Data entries
(* Let $A$ be an evolution algebra over a commutative ring $R$ with finite basis $\{x_1,\dots,x_N\}$ and structure coefficients $c_{ki}$ (so $x_i^2=\sum_{k=1}^N c_{ki}x_k$ and $x_ix_j=0$ for $i\neq j$). If $A$ is nil, then for each $1\le i\le N$ there exists a positive integer $k_i$ such that $c_{ii}^{k_i}=0$ in $R$.
   Context: An evolution algebra over a commutative ring $R$ is a free $R$-module $A$ with basis $\{x_i : i\in I\}$ equipped with the $R$-bilinear multiplication determined by $x_ix_j=0$ for $i\ne j$ and $x_i^2=\sum_{k\in I}c_{ki}x_k$ with $c_{ki}\in R$ (finitely many nonzero for each $i$); the $c_{ki}$ are the structure coefficients. The multiplication is commutative but not assumed associative. Principal powers of $a\in A$ are $a^1=a$, $a^n=a^{n-1}a$ for $n\ge 2$. $A$ is nil if for every $a\in A$ there is $n\in\mathbb{N}$ with $a^n=0$. *)

From HB Require Import structures.
From mathcomp Require Import all_boot all_order all_algebra.
Set Implicit Arguments. Unset Strict Implicit. Unset Printing Implicit Defensive.
Import GRing.Theory.
Local Open Scope ring_scope.

(* An evolution algebra over R with finite basis x_0..x_{N-1} and structure
   matrix C (C k i = c_{ki}, i.e. x_i^2 = sum_k C k i x_k) is the free module
   'rV[R]_N (coordinates w.r.t. the basis) with the bilinear product below. *)
Definition evo_mul (R : comPzRingType) (N : nat) (C : 'M[R]_N)
  (a b : 'rV[R]_N) : 'rV[R]_N :=
  \row_(k < N) \sum_(i < N) a 0 i * b 0 i * C k i.

(* Principal powers: evo_pow C a n = a^(n+1); a^1 = a, a^(n+1) = a^n a. *)
Fixpoint evo_pow (R : comPzRingType) (N : nat) (C : 'M[R]_N)
  (a : 'rV[R]_N) (n : nat) : 'rV[R]_N :=
  match n with
  | 0 => a
  | n'.+1 => evo_mul C (evo_pow C a n') a
  end.

Definition evo_nil (R : comPzRingType) (N : nat) (C : 'M[R]_N) : Prop :=
  forall a : 'rV[R]_N, exists n : nat, evo_pow C a n = 0.

From HB Require Import structures.
From mathcomp Require Import all_boot all_order all_algebra.
Import GRing.Theory.
Local Open Scope ring_scope.

(* The x_i-coordinate of a x_i is a_i c_ii, so that of the principal power
   x_i^(n+1) is c_ii^n; if x_i^(n+1) = 0 then c_ii^(n+1) = c_ii c_ii^n = 0. *)

Section BasisPowers.

Variables (R : comPzRingType) (N : nat) (C : 'M[R]_N).

Lemma evo_mul_delta_coord (a : 'rV[R]_N) (i : 'I_N) :
  evo_mul C a (delta_mx 0 i) 0 i = a 0 i * C i i.
Proof.
rewrite mxE (bigD1 i) //= big1 => [|j /negbTE ji].
  by rewrite mxE !eqxx mulr1 addr0.
by rewrite mxE ji andbF mulr0 mul0r.
Qed.

Lemma evo_pow_delta_coord (i : 'I_N) (n : nat) :
  evo_pow C (delta_mx 0 i) n 0 i = C i i ^+ n.
Proof.
elim: n => [|n IHn] /=; first by rewrite mxE !eqxx expr0.
by rewrite evo_mul_delta_coord IHn exprSr.
Qed.

End BasisPowers.

Theorem lemma2p4 (R : comPzRingType) (N : nat) (C : 'M[R]_N) :
  evo_nil C -> forall i : 'I_N, exists k : nat, (0 < k)%N /\ C i i ^+ k = 0.
Proof.
move=> nilC i; have [n pow0] := nilC (delta_mx 0 i).
exists n.+1; split => //.
by rewrite exprS -(@evo_pow_delta_coord _ _ C i n) pow0 mxE mulr0.
Qed.
Lemma compatible_sub T : forall (P Q : tm -> Prop),
  (forall u, Q u -> P u) -> compatible T P -> compatible T Q.
Proof.
  induction T as [[|n]|A _ B IHB]; simpl; intros P Q HQP HP.
  - intros s t Hs Ht. apply HP; auto.
  - intros s t Hs Ht. apply HP; auto.
  - intros c. apply (IHB _ _ ) with (2 := HP c). intros u (s & w & Hs & Hw).
    exists s, w. auto.
Qed.

(* Add the terms one by one, in the order of the enumeration [tm_of_nat]. *)
Lemma discriminant_extend a (Q : tm -> Prop) :
  (forall s, Q s -> typeof s = Some a /\ normal norm s) ->
  (forall s t, Q s -> Q t -> ~ separated a s t) ->
  exists P, discriminant a P /\ forall s, Q s -> P s.
Proof.
  intros HQty HQcomp.
  set (stage := fix stage (k : nat) : tm -> Prop :=
    match k with
    | 0 => Q
    | S k => fun u => stage k u \/
        (u = tm_of_nat k /\ typeof u = Some a /\ normal norm u /\ ~ separated a u u /\
         forall t, stage k t -> ~ separated a u t)
    end).
  assert (Hty : forall k s, stage k s -> typeof s = Some a /\ normal norm s).
  { induction k; simpl; intros s Hs; [auto|]. destruct Hs as [Hs|(_ & ? & ? & _)]; auto. }
  assert (Hmono : forall k j s, stage k s -> stage (j + k) s).
  { intros k j; induction j; simpl; auto. }
  assert (Hcomp : forall k s t, stage k s -> stage k t -> ~ separated a s t).
  { induction k; simpl; intros s t Hs Ht; [auto|].
    destruct Hs as [Hs|(Es & _ & _ & Hss & Hs)], Ht as [Ht|(Et & _ & _ & Htt & Ht)].
    - auto.
    - intros Hsep. apply (Ht s Hs), separated_sym, Hsep.
    - auto.
    - rewrite Es, <- Et. exact Htt. }
  exists (fun u => exists k, stage k u). split; [split|].
  - intros s [k Hs]. eauto.
  - intros s t [k1 Hs] [k2 Ht]. apply (Hcomp (k1 + k2)); auto.
    replace (k1 + k2) with (k2 + k1) by lia. auto.
  - intros s Ts Ns Hss Hall. destruct (tm_of_nat_surj s) as [k Hk]. exists (S k). simpl.
    right. repeat split; auto. intros t Ht. apply Hall. eauto.
  - intros s Hs. exists 0. auto.
Qed.

Lemma compatible_pv_o P : (forall s, P s -> typeof s = Some o) -> (exists s, P s) ->
  compatible o P -> exists c : Dom o, forall s, P s -> pv o c s.
Proof.
  intros HT [s0 Hs0] HP.
  set (b := if excluded_middle_informative (exists s, P s /\ E (norm s)) then true else false).
  assert (Hb : forall s, P s -> pv_bool b s).
  { intros s Hs. unfold b, pv_bool. destruct excluded_middle_informative as [(s1 & H1 & H2)|Hn].
    - exact (HP s1 s H1 Hs H2).
    - intros H. apply Hn. eauto. }
  exists (exist _ b (ex_intro _ s0 (conj (HT s0 Hs0) (Hb s0 Hs0)))). exact Hb.
Qed.
(* Let $Q=Q^+(5,q)$ be the non-degenerate hyperbolic quadric in $\mathrm{PG}(5,q)$ with associated polarity $\perp$, and let $\ell$ be a line of $\mathrm{PG}(5,q)$ disjoint from $Q$. Let $S$ be a line spread of the solid $\ell^\perp$. For every line $m\in S$, let $\mathcal{F}_m$ be the set of lines of $Q$ contained in the solid $\langle m,\ell\rangle$, and let $\mathcal{F}=\bigcup_{m\in S}\mathcal{F}_m$. Then $\mathcal{F}$ is a $(3,2)$-ovoid of $Q$, i.e. every plane contained in $Q$ contains precisely one line of $\mathcal{F}$.
   Context: Projective terminology is used: points, lines, planes and solids of $\mathrm{PG}(5,q)$ are subspaces of projective dimension $0,1,2,3$ (vector dimensions $1,2,3,4$). A line spread of a solid is a set of lines of the solid partitioning its points. The polarity $\perp$ is the one induced by the bilinear form associated to the quadratic form defining $Q$. The generators of $Q^+(5,q)$ are the planes contained in $Q$; a $(3,2)$-ovoid is a set of lines of $Q$ such that each such plane contains exactly one of them. *)

(* Projective space PG(5,q) = subspaces of 'rV[F]_6, F a finite
   field; a subspace is represented by a square matrix (its row space). *)
From HB Require Import structures.
From mathcomp Require Import all_boot all_order all_algebra.
Set Implicit Arguments. Unset Strict Implicit. Unset Printing Implicit Defensive.
Import GRing.Theory.
Local Open Scope ring_scope.

Section Quadric.
Variable F : finFieldType.

(* Gram-type matrix of the standard hyperbolic form x0x1 + x2x3 + x4x5 *)
Definition hypM0 : 'M[F]_6 :=
  \matrix_(i, j) (odd j && (nat_of_ord j == (nat_of_ord i).+1))%:R.

(* The hyperbolic quadratic form transported by a change of coordinates A:
   Q_A(x) = std(x A).  Every non-degenerate hyperbolic quadric Q^+(5,q) is
   the zero set of Q_A for some invertible A. *)
Definition hypQ (A : 'M[F]_6) (x : 'rV[F]_6) : F :=
  ((x *m A) *m hypM0 *m (x *m A)^T) 0 0.

Definition polB (A : 'M[F]_6) (x y : 'rV[F]_6) : F :=
  hypQ A (x + y) - hypQ A x - hypQ A y.

(* projective subspaces by projective dimension = rank - 1 *)
Definition is_line (U : 'M[F]_6) : bool := \rank U == 2%N.
Definition is_plane (U : 'M[F]_6) : bool := \rank U == 3%N.

Definition in_quadric (A : 'M[F]_6) (U : 'M[F]_6) : Prop :=
  forall v : 'rV[F]_6, (v <= U)%MS -> hypQ A v = 0.

Definition disjoint_quadric (A : 'M[F]_6) (U : 'M[F]_6) : Prop :=
  forall v : 'rV[F]_6, v != 0 -> (v <= U)%MS -> hypQ A v != 0.

Definition in_perp (A : 'M[F]_6) (U : 'M[F]_6) (v : 'rV[F]_6) : Prop :=
  forall u : 'rV[F]_6, (u <= U)%MS -> polB A v u = 0.
Lemma svd_norm2 p q (U : 'M[algC]_p) (V : 'M[algC]_q) s :
  U *m adjmx U = 1%:M -> V *m adjmx V = 1%:M -> all (fun x => 0 <= x) s ->
  let M := U *m rdiag_mx p q s *m adjmx V in
  \tr (M *m adjmx M) = \sum_(j < minn p q) s`_j ^+ 2.
Proof.
move=> /mulmx1C uU /mulmx1C uV s_ge0 M.
rewrite /M !adjmxM adjmxK !mulmxA -(mulmxA (U *m _)) uV mulmx1.
rewrite mxtrace_mulC !mulmxA uU mul1mx -(sum_rdiag p q (fun j => s`_j ^+ 2)) /mxtrace.
apply: eq_bigr => i _; rewrite mxE; apply: eq_bigr => j _; rewrite !mxE.
by case: eqP => _; rewrite ?mul0r // geC0_conj ?nth_ge0 // expr2.
Qed.

Lemma schmidt_norm2 p q (psi : 'rV[algC]_(p * q)) s :
  schmidt_coeffs psi s -> (psi *m adjmx psi) 0 0 = \sum_(j < minn p q) s`_j ^+ 2.
Proof.
by case=> _ s_ge0 _ [U [V [uU uV svd]]]; rewrite vec_mx_norm2 svd; exact: svd_norm2.
Qed.

Lemma schmidt_trace_pid_le p q r (psi : 'rV[algC]_(p * q)) s :
  schmidt_coeffs psi s ->
  `|\tr ((pid_mx r : 'M_(q, p)) *m vec_mx psi)| <= \sum_(j < minn p q) s`_j.
Proof.
case=> _ s_ge0 _ [U [V [uU uV ->]]].
exact: (trace_svd_le (@sum_norm_pid_mx_row p q r) (@sum_norm_pid_mx_col p q r)).
Qed.

(** * The admissibility inequality *)

Section ScalarBounds.

Variable R : numFieldType.

Lemma sqr_sum_le (k : nat) (a : nat -> R) : (forall j, a j \is Num.real) ->
  (\sum_(j < k) a j) ^+ 2 <= k%:R * \sum_(j < k) a j ^+ 2.
Proof.
move=> a_real; elim: k => [|k IH]; first by rewrite !big_ord0 expr0n mul0r.
rewrite !big_ord_recr /=.
set S := \sum_(j < k) a j; set Q := \sum_(j < k) a j ^+ 2; set x := a k.
have cross : S * x *+ 2 <= Q + k%:R * x ^+ 2.
  rewrite mulr_suml -sumrMnl -[k in k%:R]card_ord mulr_natl -sumr_const -big_split /=.
  by apply: ler_sum => j _; exact: (real_leif_mean_square_scaled (a_real j) (a_real k)).1.
have -> : k.+1%:R * (Q + x ^+ 2) = k%:R * Q + (Q + k%:R * x ^+ 2) + x ^+ 2.
  by rewrite -natr1; ring.
by rewrite sqrrD lerD2r; apply: lerD.
Qed.

Lemma admissible_profile_ineq (K th S x : R) :
  1 <= K -> 0 < th -> th <= 1 -> 0 <= x -> K * x <= th * S ->
  K * (K + th ^+ 2) * (S + x) ^+ 2 <= (K + th) ^+ 2 * (S ^+ 2 + K * x ^+ 2).
Proof.
move=> K_ge1 th_gt0 th_le1 x_ge0 adm.
have K_gt0 : 0 < K := lt_le_trans ltr01 K_ge1.
have gap_ge0 : 0 <= th * S - K * x by rewrite subr_ge0.
have S_ge0 : 0 <= S.
  by rewrite -(pmulr_rge0 _ th_gt0); apply: le_trans adm; rewrite mulr_ge0 // ltW.
set al := 2 * K * th + th ^+ 2 - K * th ^+ 2.
set be := th * K * (K - 1 + 2 * th).
have second_ge0 : 0 <= al * S - be * x.
  have -> : al * S - be * x =
      2 * th * (K + th) * (1 - th) * S + th * (K - 1 + 2 * th) * (th * S - K * x).
    by rewrite /al /be; ring.
  have th_ge0 := ltW th_gt0; have K_ge0 := ltW K_gt0.
  have K1th_ge0 : 0 <= K - 1 + 2 * th by rewrite addr_ge0 ?subr_ge0 ?mulr_ge0.
  have first_ge0 : 0 <= 2 * th * (K + th) * (1 - th).
    by rewrite mulr_ge0 ?subr_ge0 // mulr_ge0 ?addr_ge0 // mulr_ge0.
  by rewrite addr_ge0 // mulr_ge0 // mulr_ge0.
(* th * (RHS - LHS) factors, the first factor being the admissibility slack. *)
rewrite -subr_ge0 -(pmulr_rge0 _ th_gt0).
have -> : th * ((K + th) ^+ 2 * (S ^+ 2 + K * x ^+ 2) - K * (K + th ^+ 2) * (S + x) ^+ 2) =
    (th * S - K * x) * (al * S - be * x) by rewrite /al /be; ring.
exact: mulr_ge0.
Qed.

Lemma admissible_sqr_sum_le (k : nat) (th : R) (s : nat -> R) :
  (1 <= k)%N -> 0 < th -> th <= 1 -> (forall j, 0 <= s j) ->
  k%:R * s k <= th * \sum_(j < k) s j ->
  (k%:R + th ^+ 2) * (\sum_(j < k.+1) s j) ^+ 2 <=
  (k%:R + th) ^+ 2 * \sum_(j < k.+1) s j ^+ 2.
Proof.
move=> k_ge1 th_gt0 th_le1 s_ge0 adm; rewrite !big_ord_recr /=.
set S := \sum_(j < k) s j; set Q := \sum_(j < k) s j ^+ 2; set x := s k.
have K_gt0 : 0 < k%:R :> R by rewrite ltr0n.
have CS : S ^+ 2 <= k%:R * Q by apply: sqr_sum_le => j; exact: ger0_real.
rewrite -(ler_pM2l K_gt0) mulrA.
apply: le_trans (admissible_profile_ineq _ th_gt0 th_le1 (s_ge0 k) adm) _.
  by rewrite ler1n.
rewrite [leRHS]mulrCA; apply: ler_wpM2l; first by rewrite exprn_ge0 // addr_ge0 // ltW.
by rewrite mulrDr lerD2r.
Qed.

End ScalarBounds.

Lemma truncn_natD k (th : algC) : 0 <= th -> th < 1 -> truncn (k%:R + th) = k.
Proof. by move=> th_ge0 th_lt1; apply: truncn_def; rewrite lerDl th_ge0 -natr1 ltrD2l. Qed.
(* A successful search excludes every family g 0, ..., g (n-1) of elements of P
   in which all triples of distinct indices are good: sorting the family gives
   a key-sorted good sequence, which the search has ruled out. *)
Lemma no_good_family P n (g : nat -> nat * nat) : no_extension P n [::] 0 ->
  (forall m, m < n -> g m \in P) ->
  ~ (forall i k l, i < n -> k < n -> l < n -> i != k -> i != l -> k != l ->
       good_triple (g i) (g k) (g l)).
Proof.
move=> noext gP good; set r := mkseq g n.
have perm_r : perm_eq (sort key_le r) r by rewrite perm_sort perm_refl.
have [I perm_I sortE] := perm_iotaP (0, 0) perm_r.
have size_I : size I = n by rewrite (perm_size perm_I) size_iota size_mkseq.
have uniq_I : uniq I by rewrite (perm_uniq perm_I) iota_uniq.
have I_lt i : i < n -> nth 0 I i < n.
  move=> lt_i; have : nth 0 I i \in iota 0 (size r).
    by rewrite -(perm_mem perm_I) mem_nth // size_I.
  by rewrite mem_iota size_mkseq.
apply: (@no_extension_sound P n [::] 0 (sort key_le r) noext).
- by rewrite size_sort size_mkseq.
- rewrite (perm_all _ perm_r); apply/allP => x /mapP[m].
  by rewrite mem_iota => /andP[_ lt_m] ->; apply: gP.
- by apply: sort_sorted => x y; apply: leq_total.
- by apply/allP.
move=> i k l ik kl; rewrite cat0s size_sort size_mkseq => ln.
have kn : k < n by lia.
have i_n : i < n by lia.
rewrite sortE !(nth_map 0) ?size_I ?size_iota ?I_lt // !nth_iota ?I_lt // !add0n.
apply: good; rewrite ?I_lt // nth_uniq ?size_I //.
- by rewrite ltn_eqF.
- by rewrite ltn_eqF // (ltn_trans ik kl).
- by rewrite ltn_eqF.
Qed.

Definition pairs (K : nat) : seq (nat * nat) :=
  [seq (x, y) | x <- iota 0 K, y <- iota 0 K].

Lemma no_good_family_4colours : no_extension (pairs 4) 9 [::] 0.
Proof. by vm_compute. Qed.

Lemma no_good_family_3colours : no_extension (pairs 3) 5 [::] 0.
Proof. by vm_compute. Qed.

Lemma card3 (T : finType) (x y z : T) :
  x != y -> x != z -> y != z -> #|[set x; y; z]| = 3.
Proof.
move=> xy xz yz; rewrite setUC !cardsU1 cards1 !inE.
by rewrite xy ![z == _]eq_sym (negbTE xz) (negbTE yz).
Qed.

Lemma card3P (T : finType) (S : {set T}) : #|S| = 3 ->
  exists x y z, [/\ x != y, x != z, y != z & S = [set x; y; z]].
Proof.
move=> card_S; have /card_gt0P[x Sx] : 0 < #|S| by rewrite card_S.
have : #|S :\ x| == 2 by move: card_S; rewrite (cardsD1 x) Sx add1n => -[->].
case/cards2P => y [z [yz Sx_yz]].
have : y \in S :\ x by rewrite Sx_yz !inE eqxx.
have : z \in S :\ x by rewrite Sx_yz !inE eqxx orbT.
rewrite !inE ![_ == x]eq_sym => /andP[xz _] /andP[xy _].
by exists x, y, z; split => //; rewrite -(setD1K Sx) Sx_yz setUA.
Qed.

Lemma frel_sym (T : finType) (F : {set {set T}}) : symmetric (Defs.frel F).
Proof. by move=> x y; rewrite /Defs.frel setUC. Qed.

Definition hub0 : 'I_2 := ord0.
Definition hub1 : 'I_2 := ord_max.

Lemma hubP (s : 'I_2) : s = hub0 \/ s = hub1.
Proof. by case: s => -[|[|//]] lt_s; [left|right]; apply: val_inj. Qed.

Definition other (s : 'I_2) : 'I_2 := if s == hub0 then hub1 else hub0.

Lemma otherP s s' : s' != s -> s' = other s.
Proof. by case: (hubP s) => ->; case: (hubP s') => ->. Qed.

Section K2t.
Variable t : nat.
Local Notation V := ('I_2 + 'I_t)%type.

Lemma K2t_edgeP (e : {set V}) :
  e \in edges (K2t_adj t) -> exists s w, e = [set inl s; inr w].
Proof.
rewrite inE => /existsP[x /existsP[y /andP[xy /eqP ->]]].
case: x y xy => [s|w] [s'|w'] //= _; first by exists s, w'.
by exists s', w; rewrite setUC.
Qed.
Fact tscaleA a b x : tscale a (tscale b x) = tscale (a * b) x.
Proof. by apply: tensorP => P f hf; rewrite !teval_scale // scalerA. Qed.
Fact tscale1 : left_id 1 tscale.
Proof. by move=> x; apply: tensorP => P f hf; rewrite teval_scale // scale1r. Qed.
Fact tscaleDr : right_distributive tscale +%R.
Proof.
by move=> a x y; apply: tensorP => P f hf; rewrite !(teval_scale, teval_add) // scalerDr.
Qed.
Fact tscaleDl x : {morph tscale^~ x : a b / a + b}.
Proof.
by move=> a b; apply: tensorP => P f hf; rewrite !(teval_scale, teval_add) // scalerDl.
Qed.
HB.instance Definition _ := GRing.Zmodule_isLmodule.Build R tensor
  tscaleA tscale1 tscaleDr tscaleDl.

Definition tens (m : M) (n : N) : tensor := tclass [:: (m, n)].

Section Lift.
Variables (P : lmodType R) (f : M -> N -> P) (hf : bilinear_map f).

Lemma teval_tens m n : teval f (tens m n) = f m n.
Proof. by rewrite teval_class // /tsum big_seq1. Qed.

Lemma teval_is_linear : linear (teval f).
Proof. by move=> a x y; rewrite [LHS]teval_add // teval_scale. Qed.

Definition tlift of bilinear_map f : tensor -> P := teval f.
HB.instance Definition _ :=
  GRing.isLinear.Build R tensor P *:%R (tlift hf) teval_is_linear.

Lemma tlift_tens m n : tlift hf (tens m n) = f m n. Proof. exact: teval_tens. Qed.
End Lift.

Lemma tens_bilinear : bilinear_map tens.
Proof.
split=> [n|m] a u v; apply: tensorP => P f hf;
  rewrite teval_add // teval_scale // !teval_tens //; [exact: hf.1 | exact: hf.2].
Qed.

Lemma tensor_span x : x = \sum_(p <- sval x) tens p.1 p.2.
Proof.
apply: tensorP => P f hf.
rewrite -[RHS]/(tlift hf _) raddf_sum; apply: eq_bigr => p _; exact/esym/tlift_tens.
Qed.

Lemma eq_additive_tens (V : zmodType) (g h : {additive tensor -> V}) :
  (forall m n, g (tens m n) = h (tens m n)) -> g =1 h.
Proof.
move=> eqgh x; rewrite (tensor_span x) !raddf_sum.
by apply: eq_bigr => p _; apply: eqgh.
Qed.

Lemma tens_is_tensor : is_tensor tens.
Proof.
split; first exact: tens_bilinear.
move=> P f hf; exists (tlift hf); split; first exact: tlift_tens.
move=> h eqh; apply: eq_additive_tens => m n.
exact: etrans (eqh m n) (esym (tlift_tens hf m n)).
Qed.

End Tensor.

Arguments eq_additive_tens {R M N V} g h.

Section LinearOf.
Variables (R : comPzRingType) (U V : lmodType R) (g : U -> V) (lg : linear g).
Definition linear_of of linear g : U -> V := g.
HB.instance Definition _ := GRing.isLinear.Build R U V *:%R (linear_of lg) lg.
End LinearOf.

Section TensorMap.
Variables (R : comPzRingType) (M N N' : lmodType R) (f : N -> N') (lf : linear f).

Lemma tmap_bilinear : bilinear_map (fun (m : M) n => tens m (f n)).
Proof.
split=> [n|m] a u v /=; first exact: (tens_bilinear M N').1.
by rewrite lf; exact: (tens_bilinear M N').2.
Qed.

Definition tmap : tensor M N -> tensor M N' := tlift tmap_bilinear.
HB.instance Definition _ := GRing.Linear.on tmap.

Lemma tmap_tens m n : tmap (tens m n) = tens m (f n). Proof. exact: tlift_tens. Qed.

Lemma flat_tmap_inj : flat M -> injective f -> injective tmap.
Proof.
move=> flatM finj.
exact: (flatM N N' (linear_of lf) finj _ _ _ _
  (tens_is_tensor M N) (tens_is_tensor M N') tmap tmap_tens).
Qed.
End TensorMap.

Arguments tmap {R} M {N N' f} lf.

WHAT YOU ARE ASKED TO DO: Look above for the line holding "have cross : S * x *+ 2 <= Q + k%:R * x ^+ 2." and the line holding "have gap_ge0 : 0", then output exactly those two lines and every line between them, nothing more.

EXERCISE OUTPUT:
have cross : S * x *+ 2 <= Q + k%:R * x ^+ 2.
  rewrite mulr_suml -sumrMnl -[k in k%:R]card_ord mulr_natl -sumr_const -big_split /=.
  by apply: ler_sum => j _; exact: (real_leif_mean_square_scaled (a_real j) (a_real k)).1.
have -> : k.+1%:R * (Q + x ^+ 2) = k%:R * Q + (Q + k%:R * x ^+ 2) + x ^+ 2.
  by rewrite -natr1; ring.
by rewrite sqrrD lerD2r; apply: lerD.
Qed.

Lemma admissible_profile_ineq (K th S x : R) :
  1 <= K -> 0 < th -> th <= 1 -> 0 <= x -> K * x <= th * S ->
  K * (K + th ^+ 2) * (S + x) ^+ 2 <= (K + th) ^+ 2 * (S ^+ 2 + K * x ^+ 2).
Proof.
move=> K_ge1 th_gt0 th_le1 x_ge0 adm.
have K_gt0 : 0 < K := lt_le_trans ltr01 K_ge1.
have gap_ge0 : 0 <= th * S - K * x by rewrite subr_ge0.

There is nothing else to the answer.